CMOs should also look to match their scientific disciplines to the Pharma companies’ process design needs. Within this industry, CMOs sometimes feature a one-sided technological capability for process chemistry. Engineering has always been present in our industry; however chemical engineers typically support unit operation design or plant production. Analytical chemistry is sometimes limited to the quality control lab. In cases where a CMO features a central analytical laboratory, this capability is wholly separate from the design effort. In fact some companies’ design labs pay for analytical development on a fee-for-service arrangement with their own central lab.

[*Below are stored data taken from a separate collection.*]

Lemma count_mem_map_enum (T : finType) (X : eqType) (f : T -> X) (x : X) :
  count_mem x [seq f y | y <- enum T] = #|[set y | f y == x]|.
Proof.
rewrite count_map -sum1_count big_enum_cond /= sum1_card.
by apply: eq_card => y; rewrite !inE.
Qed.

Lemma perm_eq_map_enumP (T : finType) (X : eqType) (f g : T -> X) :
  reflect (forall x, #|[set y | f y == x]| = #|[set y | g y == x]|)
          (perm_eq [seq f y | y <- enum T] [seq g y | y <- enum T]).
Proof.
apply: (iffP idP) => [/permP eq_count x | eq_card].
  by rewrite -!count_mem_map_enum eq_count.
by apply/allP => x _; rewrite /= !count_mem_map_enum eq_card.
Qed.

Lemma eq_card_setD (T : finType) (A B : {set T}) :
  (#|A| == #|B|) = (#|A :\: B| == #|B :\: A|).
Proof. by rewrite -(cardsID B A) -(cardsID A B) setIC eqn_add2l. Qed.

Lemma ordinal2P (i : 'I_2) : i = ord0 \/ i = ord_max.
Proof. by case: i => [[|[|//]]] ?; [left|right]; apply: val_inj. Qed.

Lemma ltn_ord2 (i j : 'I_2) : (i < j) = (i == ord0) && (j != ord0).
Proof. by case: (ordinal2P i) => ->; case: (ordinal2P j) => ->. Qed.

Lemma ord2_neq_inj (x x' z : 'I_2) : (x != z) = (x' != z) -> x = x'.
Proof.
by case: (ordinal2P x) => ->; case: (ordinal2P x') => ->; case: (ordinal2P z) => ->.
Qed.

Definition balanced (Y : finType) N (A B : {set Y}) (b : Y -> 'I_N) : bool :=
  [forall be, #|[set y in A | b y == be]| == #|[set y in B | b y == be]|].

Section CyclicWords.

Variable p : nat.
Implicit Types (a : 'I_p -> 'I_2) (y : 'I_p).

Definition descents a : {set 'I_p} := [set y | a y < a (ord_pred y)].
Definition ascents a : {set 'I_p} := [set y | a (ord_pred y) < a y].
Definition changes a : {set 'I_p} := [set y | a y != a (ord_pred y)].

The reality for full-service outsourcing companies in the API industry is that a high-performance development team must be balanced with process chemists, analytical chemists and chemical engineers all working on the process design itself. Companies who provide a balanced team approach will be valuable collaborators for development, registration and commercial supply.
Finally, Pharma companies and CMOs can benefit their collaboration through the employment of prescient project managers on each side of the relationship. Individuals with experience in commercial process design and material delivery will be able to foresee developing issues; knowledge of their own organization’s capabilities will allow the project manager to quickly resolve issues and redirect resources to critical needs. Experienced project leaders can also keep team morale on a positive track and leverage the strengths of various team members to achieve the desired outcome.
References
- FDA Guidance for Industry Contract Manufacturing Arrangements for Drugs: Quality Agreements, May 2013. http://www.fda.gov/downloads/Drugs/GuidanceComplianceRegulatoryInformation/Guidances/UCM353925.pdf
- Pharmaceutical Quality by Design: Product and Process Development, Understanding, and Control, Journal of Pharmaceutical Research, Vol. 25(4), pp 781-791, 2008
- Financial Justification for QbD and Cost of Regulation Compliance, Girish Malhotra, Pharmaceutical Processing, Analyst Blog, May 23, 2012. See: http://www.pharmpro.com/articles/2010/03/pharmaceutical-costs-technology-innovation-opportunities-reality
- Building a Sustainable API Supply Chain, Pharmaceutical Outsourcing, January 29, 2013.
Author Biography
Thomas M. Eckrich, Ph.D., is Advisor, Chemical Product Research and Development at Eli Lilly and Company. Tom received a BS in chemistry from Purdue University and a doctorate in chemistry from Harvard University. Tom has worked for Eli Lilly and Company since graduating from Harvard, starting out as a chemist working in the area of antibiotic research. Tom has held various leadership positions in chemical development, including the position of managing director of Lilly’s European Development Centre in Brussels, Belgium. Tom has published 10 scientific papers and holds three patents. Tom is currently a member of Lilly’s Small Molecule Design and Development leadership team with responsibility for small molecule outsourcing strategy.